*WORK REQUIRED*. All of the data below is to be returned unaltered.

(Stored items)
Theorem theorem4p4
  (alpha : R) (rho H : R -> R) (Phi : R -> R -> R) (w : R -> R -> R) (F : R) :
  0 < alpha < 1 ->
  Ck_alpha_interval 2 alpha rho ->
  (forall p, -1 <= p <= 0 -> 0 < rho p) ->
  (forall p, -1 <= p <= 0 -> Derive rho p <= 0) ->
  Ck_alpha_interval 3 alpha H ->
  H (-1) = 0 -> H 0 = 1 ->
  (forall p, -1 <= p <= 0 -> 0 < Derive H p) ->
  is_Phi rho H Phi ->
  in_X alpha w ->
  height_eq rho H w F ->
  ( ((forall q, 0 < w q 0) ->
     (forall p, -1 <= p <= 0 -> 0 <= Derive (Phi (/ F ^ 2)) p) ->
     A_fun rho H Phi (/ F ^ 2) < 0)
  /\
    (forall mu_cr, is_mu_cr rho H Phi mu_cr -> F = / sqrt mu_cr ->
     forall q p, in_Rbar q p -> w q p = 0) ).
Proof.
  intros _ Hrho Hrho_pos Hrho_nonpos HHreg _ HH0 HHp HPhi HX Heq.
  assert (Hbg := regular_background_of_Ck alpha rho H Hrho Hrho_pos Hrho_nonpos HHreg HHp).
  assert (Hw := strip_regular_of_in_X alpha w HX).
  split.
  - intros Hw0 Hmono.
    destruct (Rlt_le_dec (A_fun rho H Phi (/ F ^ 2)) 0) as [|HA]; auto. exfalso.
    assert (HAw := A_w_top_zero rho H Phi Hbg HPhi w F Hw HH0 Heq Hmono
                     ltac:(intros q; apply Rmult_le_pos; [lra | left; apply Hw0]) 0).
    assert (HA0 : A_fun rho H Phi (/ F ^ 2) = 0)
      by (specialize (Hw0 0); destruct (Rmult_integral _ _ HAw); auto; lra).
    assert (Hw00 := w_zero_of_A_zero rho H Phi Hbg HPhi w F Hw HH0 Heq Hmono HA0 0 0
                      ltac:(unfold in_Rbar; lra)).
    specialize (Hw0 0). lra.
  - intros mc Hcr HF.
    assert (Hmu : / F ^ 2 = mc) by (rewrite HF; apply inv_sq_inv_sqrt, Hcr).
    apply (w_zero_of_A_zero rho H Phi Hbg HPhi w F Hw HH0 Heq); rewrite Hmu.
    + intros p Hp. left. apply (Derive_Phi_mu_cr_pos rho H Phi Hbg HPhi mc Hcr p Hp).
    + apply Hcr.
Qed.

*EXERCISE SOLUTION*.
Theorem theorem4p4
  (alpha : R) (rho H : R -> R) (Phi : R -> R -> R) (w : R -> R -> R) (F : R) :
  0 < alpha < 1 ->
  Ck_alpha_interval 2 alpha rho ->
  (forall p, -1 <= p <= 0 -> 0 < rho p) ->
  (forall p, -1 <= p <= 0 -> Derive rho p <= 0) ->
  Ck_alpha_interval 3 alpha H ->
  H (-1) = 0 -> H 0 = 1 ->
  (forall p, -1 <= p <= 0 -> 0 < Derive H p) ->
  is_Phi rho H Phi ->
  in_X alpha w ->
  height_eq rho H w F ->
  ( ((forall q, 0 < w q 0) ->
     (forall p, -1 <= p <= 0 -> 0 <= Derive (Phi (/ F ^ 2)) p) ->
     A_fun rho H Phi (/ F ^ 2) < 0)
  /\
    (forall mu_cr, is_mu_cr rho H Phi mu_cr -> F = / sqrt mu_cr ->
     forall q p, in_Rbar q p -> w q p = 0) ).
Proof.
  intros _ Hrho Hrho_pos Hrho_nonpos HHreg _ HH0 HHp HPhi HX Heq.
  assert (Hbg := regular_background_of_Ck alpha rho H Hrho Hrho_pos Hrho_nonpos HHreg HHp).
  assert (Hw := strip_regular_of_in_X alpha w HX).
  split.
  - intros Hw0 Hmono.
    destruct (Rlt_le_dec (A_fun rho H Phi (/ F ^ 2)) 0) as [|HA]; auto. exfalso.
    assert (HAw := A_w_top_zero rho H Phi Hbg HPhi w F Hw HH0 Heq Hmono
                     ltac:(intros q; apply Rmult_le_pos; [lra | left; apply Hw0]) 0).
    assert (HA0 : A_fun rho H Phi (/ F ^ 2) = 0)
      by (specialize (Hw0 0); destruct (Rmult_integral _ _ HAw); auto; lra).
    assert (Hw00 := w_zero_of_A_zero rho H Phi Hbg HPhi w F Hw HH0 Heq Hmono HA0 0 0
                      ltac:(unfold in_Rbar; lra)).
    specialize (Hw0 0). lra.
  - intros mc Hcr HF.
    assert (Hmu : / F ^ 2 = mc) by (rewrite HF; apply inv_sq_inv_sqrt, Hcr).
    apply (w_zero_of_A_zero rho H Phi Hbg HPhi w F Hw HH0 Heq); rewrite Hmu.
    + intros p Hp. left. apply (Derive_Phi_mu_cr_pos rho H Phi Hbg HPhi mc Hcr p Hp).
    + apply Hcr.
Qed.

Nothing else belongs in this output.